Grilled Zucchini, Bell Pepper & Avocado Panini

Almost every week my girlfriends and I try to get together either for a happy hour at a restaurant or a low-key dinner at someone's house. Our schedules are all over the place, but we all make an effort to clear them since "girl time" is a necessity for us. 

Last Thursday we headed over to our BFF's house for some wine drinking, girl gabbing, and panini pressing. 

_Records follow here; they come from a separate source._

Lemma expR_le_quadratic_nonpos {y} : y <= 0 -> expR y <= 1 + y + y ^+ 2 / 2.
Proof.
move=> y_le0; pose f := fun t : R => 1 + t + t ^+ 2 / 2 - expR t.
have df (t : R) : is_derive t (1 : R) f (1 + t - expR t).
  apply: is_derive_eq; rewrite !scaler0 !add0r -[t%:A]/(t * 1) mulr1.
  by rewrite -[2^-1 *: _]/(2^-1 * _); field.
have cf : {within `[y, 0], continuous f}.
  apply: continuous_subspaceT => t.
  by apply/differentiable_continuous/derivable1_diffP; exact: ex_derive.
have [c /andP[+ +] E] := MVT_segment y_le0 (fun t _ => df t) cf.
rewrite !bnd_simp => yc c_le0.
have : (1 + c - expR c) * (0 - y) <= 0.
  by apply: mulr_le0_ge0; have := expR_ge1Dx c; lra.
by move: E; rewrite /f expR0; lra.
Qed.

Lemma expR_le_quadratic_nonneg {y} : 0 <= y -> expR y <= 1 + y + y ^+ 2 / 2 * expR y.
Proof.
move=> y_ge0; pose f := fun t : R => 1 + t + t ^+ 2 / 2 * expR t - expR t.
have df (t : R) : is_derive t (1 : R) f (1 + (t ^+ 2 / 2 * expR t + t * expR t) - expR t).
  apply: is_derive_eq; rewrite !scaler0 !add0r -[t%:A]/(t * 1) mulr1.
  by rewrite /GRing.scale /=; field.
have cf : {within `[0, y], continuous f}.
  apply: continuous_subspaceT => t.
  by apply/differentiable_continuous/derivable1_diffP; exact: ex_derive.
have [c /andP[+ +] E] := MVT_segment y_ge0 (fun t _ => df t) cf.
rewrite !bnd_simp => c_ge0 cy.
have : 0 <= (1 + (c ^+ 2 / 2 * expR c + c * expR c) - expR c) * (y - 0).
  apply: mulr_ge0; last lra.
  have := mulr_1B_expR_le1 c; have := expR_gt0 c.
  have : 0 <= c ^+ 2 / 2 * expR c by rewrite mulr_ge0 ?divr_ge0 ?sqr_ge0 ?expR_ge0.
  nra.
by move: E; rewrite /f expR0; nra.
Qed.

Lemma expR_le_cubic y : expR y <= 1 + y + y ^+ 2 / 2 + `|y| ^+ 3 * expR `|y| / 2.
Proof.
have [y_ge0|y_lt0] := leP 0 y; last first.
  have : 0 <= `|y| ^+ 3 * expR `|y| / 2.
    by rewrite divr_ge0 ?mulr_ge0 ?exprn_ge0 ?expR_ge0.
  by have := expR_le_quadratic_nonpos (ltW y_lt0); lra.
rewrite ger0_norm //.
have := expR_le_quadratic_nonneg y_ge0; have := mulr_1B_expR_le1 y.
have := expR_gt0 y; have : 0 <= y ^+ 2 / 2 by rewrite divr_ge0 ?sqr_ge0.
nra.
Qed.

Lemma exprn_le_expR (a x : R) n : 0 < a -> 0 <= x ->
  x ^+ n <= n`!%:R / a ^+ n * expR (a * x).
Proof.
move=> a_gt0 x_ge0; have an_gt0 : 0 < a ^+ n by rewrite exprn_gt0.
rewrite mulrAC ler_pdivlMr // -exprMn mulrC -ler_pdivrMl ?ltr0n ?fact_gt0 //.
case: n an_gt0 => [|n] _; first by rewrite expr0 fact0 invr1 mul1r -expR0 ler_expR mulr_ge0 // ltW.
apply: le_trans (expR_ge1Dxn n (mulr_ge0 (ltW a_gt0) x_ge0)).
lra.
Qed.

End ExpTaylor.

Section EsumScale.
Context {R : realType} {T : choiceType}.
Local Open Scope ereal_scope.

Lemma esumZl (S : set T) (c : R) (a : T -> \bar R) : (0 <= c)%R ->
  (forall i, 0 <= a i) ->
  \esum_(i in S) (c%:E * a i) = c%:E * \esum_(i in S) a i.
Proof.
move=> c_ge0 a_ge0; rewrite /esum -ereal_supZl //; last first.
  by apply/set0P; exists 0; exists set0; [exact: fsets_set0|exact: fsbig_set0].
rewrite image_comp; congr ereal_sup; apply: eq_imagel => A _ /=.
by rewrite ge0_mule_fsumr.
Qed.

End EsumScale.

Section Busemann.
Context {R : realType} {X : Type} {d : X -> X -> R}.
Hypothesis d_metric : is_metric d.
Context {o : X}.
Implicit Types (g : isom d) (xi : X -> R).

Lemma metric_ge0 x y : 0 <= d x y.
Proof. by case: d_metric. Qed.

Lemma metric_sym x y : d x y = d y x.
Proof. by case: d_metric => _ [_ []]. Qed.

Lemma metric_triangle x y z : d x z <= d x y + d y z.
Proof. by case: d_metric => _ [_ [_]]. Qed.

Lemma metric_refl x : d x x = 0.
Proof. by case: d_metric => _ [dP _]; apply/dP. Qed.

Lemma norm_horo_le x m : `|horo d o x m| <= d m o.
Proof.
rewrite /horo ler_norml; have := metric_triangle x m o; have := metric_triangle x o m.
by rewrite (metric_sym m o) (metric_sym o m) => *; apply/andP; split; lra.
Qed.

Lemma horo_compact_horo x : horo_compact d o (horo d o x).
Proof. by move=> F e _ e_gt0; exists x => m _; rewrite subrr normr0. Qed.

Lemma horo_compact_norm_le {xi} m : horo_compact d o xi -> `|xi m| <= d m o.
Proof.
move=> Sxi; apply/ler_addgt0Pr => e e_gt0.
have [x /(_ m erefl) xi_near] := Sxi [set m] e (finite_set1 m) e_gt0.
have := ler_normD (xi m - horo d o x m) (horo d o x m).
by rewrite subrK; have := norm_horo_le x m; lra.
Qed.

Lemma horo_compact_o {xi} : horo_compact d o xi -> xi o = 0.
Proof.
by move=> /(horo_compact_norm_le o); rewrite metric_refl normr_le0 => /eqP.
Qed.

Lemma horo_compact_act g {xi} : horo_compact d o xi -> horo_compact d o (horo_act o g xi).
Proof.
move=> Sxi F e finF e_gt0.
have finF' : finite_set ((Defs.iinv g @` F) `|` [set Defs.iinv g o]).
  by rewrite finite_setU; split; [exact: finite_image | exact: finite_set1].
have [x xi_near] := Sxi _ (e / 2) finF' (divr_gt0 e_gt0 (ltr0n _ 2)).
exists (ifun g x) => m Fm.
have dg y : d (ifun g x) y = d x (Defs.iinv g y) by rewrite -{1}(iinvK g y) ifun_dist.
have := xi_near (Defs.iinv g m) (or_introl (ex_intro2 _ _ m Fm erefl)).
have := xi_near (Defs.iinv g o) (or_intror erefl).
rewrite /horo_act /horo !dg; set m' := Defs.iinv g m; set o' := Defs.iinv g o.
have -> : xi m' - xi o' - (d x m' - d x o') =
          (xi m' - (d x m' - d x o)) - (xi o' - (d x o' - d x o)) by ring.
by have := ler_normB (xi m' - (d x m' - d x o)) (xi o' - (d x o' - d x o)); lra.
Qed.

Lemma kappa_ge0 g : 0 <= kappa o g.
Proof. exact: metric_ge0. Qed.

Lemma norm_busemann_le_kappa g {xi} : horo_compact d o xi -> `|busemann o g xi| <= kappa o g.
Proof.
move=> /(horo_compact_norm_le (Defs.iinv g o)) /le_trans; apply.
by rewrite /kappa -(ifun_dist g) iinvK metric_sym.
Qed.

Lemma horo_act_mul g (h : isom d) xi :
  horo_act o (isom_mul g h) xi = horo_act o g (horo_act o h xi).
Proof. by apply/funext => m; rewrite /horo_act /=; ring. Qed.

Lemma horo_act_id {xi} : horo_compact d o xi -> horo_act o (isom_id d) xi = xi.
Proof. by move=> Sxi; apply/funext => m; rewrite /horo_act /= horo_compact_o ?subr0. Qed.

Lemma sigma0_cocycle psi g (h : isom d) xi :
  sigma0 o psi (isom_mul g h) xi = sigma0 o psi h xi + sigma0 o psi g (horo_act o h xi).
Proof. by rewrite /sigma0 /busemann horo_act_mul /horo_act /=; ring. Qed.

Lemma sigma0_id psi {xi} : horo_compact d o xi -> sigma0 o psi (isom_id d) xi = 0.
Proof.
by move=> Sxi; rewrite /sigma0 horo_act_id // /busemann /= horo_compact_o // add0r subrr.
Qed.

Section Expectation.
Context {mu : isom d -> R}.
Hypothesis mu_ge0 : forall g, 0 <= mu g.
Hypothesis mu_sum1 : (\esum_(g in [set: isom d]) (mu g)%:E = 1)%E.
Implicit Types (f A B : isom d -> R).

Local Open Scope ereal_scope.

Lemma pexp_ge0 (f : isom d -> \bar R) : (forall g, 0 <= f g) -> 0 <= pexp mu f.
Proof. by move=> f_ge0; apply: esum_ge0 => g _; rewrite mule_ge0 ?lee_fin. Qed.

Lemma le_pexp (f f' : isom d -> \bar R) : (forall g, f g <= f' g) -> pexp mu f <= pexp mu f'.
Proof. by move=> ff'; apply: le_esum => g _; rewrite lee_wpmul2l ?lee_fin. Qed.

Lemma pexpD (f h : isom d -> R) : (forall g, 0 <= f g)%R -> (forall g, 0 <= h g)%R ->
  pexp mu (fun g => (f g + h g)%:E) = pexp mu (fun g => (f g)%:E) + pexp mu (fun g => (h g)%:E).
Proof.
move=> f_ge0 h_ge0; rewrite /pexp -esumD => [|g _|g _]; rewrite ?mule_ge0 ?lee_fin //.
by apply: eq_esum => g _; rewrite EFinD ge0_muleDr ?lee_fin.
Qed.

Lemma pexpZl (c : R) (f : isom d -> \bar R) : (0 <= c)%R -> (forall g, 0 <= f g) ->
  pexp mu (fun g => c%:E * f g) = c%:E * pexp mu f.
Proof.
move=> c_ge0 f_ge0; rewrite /pexp -esumZl // => [|g]; last by rewrite mule_ge0 ?lee_fin.
by apply: eq_esum => g _; rewrite muleCA.
Qed.

Lemma pexp_cst (c : R) : (0 <= c)%R -> pexp mu (fun=> c%:E) = c%:E.
Proof.
move=> c_ge0; rewrite /pexp; under eq_esum do rewrite muleC.
by rewrite esumZl // mu_sum1 mule1.
Qed.

Lemma le_rw_exp n (f f' : isom d -> \bar R) : (forall g, f g <= f' g) ->
  rw_exp mu n f <= rw_exp mu n f'.
Proof.
elim: n f f' => [|n IHn] f f' ff' /=; first exact: ff'.
by apply: IHn => h; apply: le_pexp => g; exact: ff'.
Qed.

Lemma rw_expZl n (c : R) (f : isom d -> \bar R) : (0 <= c)%R -> (forall g, 0 <= f g) ->
  rw_exp mu n (fun g => c%:E * f g) = c%:E * rw_exp mu n f.
Proof.
move=> c_ge0; elim: n f => [|n IHn] f f_ge0 //=.
rewrite -IHn => [|h]; last exact: pexp_ge0.
by congr rw_exp; apply/funext => h; rewrite pexpZl.
Qed.

Local Close Scope ereal_scope.

Definition mu_integrable f := (pexp mu (fun g => `|f g|%:E) < +oo)%E.

Definition expect f : R :=
  fine (pexp mu (fun g => (f^\+ g)%:E)) - fine (pexp mu (fun g => (f^\- g)%:E)).

Lemma mu_integrable_le {f h} : (forall g, `|f g| <= `|h g|) ->
  mu_integrable h -> mu_integrable f.
Proof. by move=> fh; apply: le_lt_trans; apply: le_pexp => g; rewrite lee_fin. Qed.

Lemma mu_integrableD {f h} : mu_integrable f -> mu_integrable h ->
  mu_integrable (fun g => f g + h g).
Proof.
move=> If Ih; apply: le_lt_trans (lte_add_pinfty If Ih).
by rewrite -pexpD //; apply: le_pexp => g; rewrite lee_fin ler_normD.
Qed.

Lemma mu_integrableZ c {f} : mu_integrable f -> mu_integrable (fun g => c * f g).
Proof.
move=> If; rewrite /mu_integrable.
under eq_fun do rewrite normrM EFinM.
by rewrite pexpZl // ?lte_mul_pinfty // => g; rewrite lee_fin.
Qed.

Lemma mu_integrable_cst c : mu_integrable (fun=> c).
Proof. by rewrite /mu_integrable pexp_cst // ltry. Qed.

Lemma mu_integrable_pos {f} : mu_integrable f -> mu_integrable f^\+.
Proof.
by apply: mu_integrable_le => g; rewrite ger0_norm // ge_max ler_norm normr_ge0.
Qed.

Lemma mu_integrable_neg {f} : mu_integrable f -> mu_integrable f^\-.
Proof.
apply: mu_integrable_le => g.
by rewrite ger0_norm // ge_max normr_ge0 andbT -normrN ler_norm.
Qed.

Lemma pexp_fin_num {f} : (forall g, 0 <= f g) -> mu_integrable f ->
  pexp mu (fun g => (f g)%:E) \is a fin_num.
Proof.
move=> f_ge0 If; rewrite ge0_fin_numE ?pexp_ge0 //.
by apply: le_lt_trans If; apply: le_pexp => g; rewrite lee_fin ler_norm.
Qed.

Lemma expect_split f A B : (forall g, 0 <= A g) -> (forall g, 0 <= B g) ->
  mu_integrable A -> mu_integrable B -> (forall g, f g = A g - B g) ->
  expect f = fine (pexp mu (fun g => (A g)%:E)) - fine (pexp mu (fun g => (B g)%:E)).
Proof.
move=> A_ge0 B_ge0 IA IB fE.
have If : mu_integrable f.
  apply: (mu_integrable_le _ (mu_integrableD IA IB)) => g.
  by rewrite fE [X in _ <= X]ger0_norm ?addr_ge0 // (le_trans (ler_normB _ _)) ?ger0_norm.
have posneg g : f^\+ g + B g = f^\- g + A g.
  by have := congr1 (@^~ g) (funrposBneg f); rewrite fE !fctE; lra.
have := congr1 (fun F => fine (pexp mu F)) (funext (fun g => congr1 EFin (posneg g))).
rewrite /= !pexpD //.
have finP := pexp_fin_num (funrpos_ge0 f) (mu_integrable_pos If).
have finN := pexp_fin_num (funrneg_ge0 f) (mu_integrable_neg If).
by rewrite !fineD ?finP ?finN ?pexp_fin_num // /expect; lra.
Qed.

Sarah, another BFF of mine and blogger behind of "Life of a Frye" , is currently working through her "30 Before 30" list and requested our meal be vegetarian since she was practicing being one for a week. We opted on grilling some delicious veggie paninis. *We adapted this recipe from the original.*

I brought over one of my favorite kitchen tools ever to help with the process: The T-Fal OptiGrill! 


If you've been following along with the blog for a while now, you know I this use for anything that calls for grilling. It's a countertop grill that can cook steaks, chicken, fish, sausage, etc. It also has removable grill plates that are dishwasher safe to make for an easy clean up! 

Grilled Zucchini, Bell Pepper, & Avocado Panini



  • 2 large zucchini, trimmed and sliced lengthwise into 6 to 8 1/4-inch-thick slices (12 to 16 slices total)
  • Extra-virgin olive oil, for brushing
  • Kosher salt and freshly ground black pepper
  • 1 cup whole-milk ricotta
  • 1 tsp. finely grated lemon zest
  • 8 1/2-inch-thick slices sourdough bread


1. Prepare a medium-high (425°F to 450°F) gas or charcoal grill fire or heat up your panini press if you have one. You can also cook in a 12-inch heavy-duty skillet over medium-high heat for 2 to 3 minutes on each side.

2. Brush the zucchini slices with oil and season with salt and pepper.

3. Grill the zucchini until grill marks form on one side, about 2 minutes. Flip the slices and continue to grill until tender, about 1 to 2 minutes more.

4. In a small bowl, mix the ricotta, lemon zest, 3/4 tsp. pepper, and 1/2 tsp. salt. Spread 4 slices of bread with the ricotta mixture, top each with 3 to 4 slices of the grilled zucchini, red bell pepper, avocado, and sprinkle with salt and pepper. Top with 4 more slices of the bread.

5. Brush both sides of the sandwiches with oil and grill in a hot panini press until crisp and golden-brown, about 4 minutes.

We served with a Ceasar salad, more wine, and Sarah's "Mexican Cavier", corn & black bean salsa.